Whenever an item is saved the content must be scanned for links again. This can be done:

  • immediately : Re-extract links
  • on the next parse be deleting the extracted data: Delete extracted data - Links are not visible anymore in Links Menu
  • on the next parse using the modified date: Do Nothing - Links are visible in Links Menu until next extract.

Some containers like modules do not have a modified date. Use Re-extract or Delete .

Only extract from published content

Extract only links from items that have Published State and today is between the Publish Up and Publish Down dates, if present.
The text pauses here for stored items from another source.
Definition interior_cube (X : {fset pt}) (eps : R) (A : set pt) (S : set pt) : Prop :=
  Icubes eps A S /\
  thick eps S 1 `&` [set x | x \in X] `<=` A /\
  (forall T, is_cube eps T -> T `<=` thick eps S 1 -> Icubes eps A T).

Definition boundary_cube (X : {fset pt}) (eps : R) (A : set pt) (S : set pt) : Prop :=
  Icubes eps A S /\ ~ interior_cube X eps A S.

Definition boundary (X : {fset pt}) (eps : R) (A : set pt) : set pt :=
  [set x | exists S, boundary_cube X eps A S /\ S x].

Definition Zthick (eps : R) (Z : set pt) (N : nat) : set pt :=
  [set x | exists S, Icubes eps Z S /\ thick eps S N x].

Definition Zthick_in (eps : R) (Z : set pt) (N : nat) (C : set pt) : set pt :=
  Zthick eps Z N `&` C.

(* frak n : smallest integer >= sqrt n - 1 (nonnegative for n >= 1) *)
Definition frakn : nat := `|Num.ceil (Num.sqrt (n%:R : R) - 1)|%N.

Definition Jset (X Y : {fset pt}) (k : nat) (eps : R) : set pt :=
  [set a | exists C, is_component Y k eps C /\
                     Zthick_in eps (boundary X eps C) frakn C a]
  `|` [set a | noise_pt Y k eps a].

End Dbscan.

(* Walk from p to x along the segment [p, x] through the cubes of Q(eps).  The
   first cube meets C; if every cube met were interior, each would force the next
   one into I(C), and the last one, which contains x in X, would put x in C.  So
   the segment meets a boundary cube at some y.  If d(p, y) < sqrt n * side = eps/2,
   then p lies in the frakn-thickening of that cube because sqrt n <= frakn + 1,
   and a = p works.  Otherwise any a in C inside that cube has
   d(a, y) <= eps/2 <= d(p, y), hence d(a, x) <= d(p, x); as x is not in C,
   core(a) <= eps < max(core(x), d(p, x)), so rho(a, x) <= rho(p, x). *)

From HB Require Import structures.
From mathcomp Require Import all_boot all_order all_algebra finmap.
From mathcomp Require Import all_classical all_reals.
From mathcomp Require Import ring lra zify.
From Stdlib Require Import Relation_Operators.
Set Implicit Arguments. Unset Strict Implicit. Unset Printing Implicit Defensive.
Import Order.TTheory GRing.Theory Num.Theory.
Local Open Scope ring_scope.
Local Open Scope classical_set_scope.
Trashed containers are never extracted.

Only extract from public visible content

Extract only links from items that have Public Access.

See the Auto login plugin for more information on checking content with access restrictions

Link replacements

This option allows to enable/disable link replacements on a per-plugin basis.

Set the global option to Off and specific plugins to On to allow link replacement for only those plugins.

Set the global option to On and specific plugins to Off to prevent link replacement for only those plugins.

'One-click-link-replacement' is a convenient way to quickly update links. However, manually updating the link and the 'surrounding' content is often a better way to ensure the information is still consistent.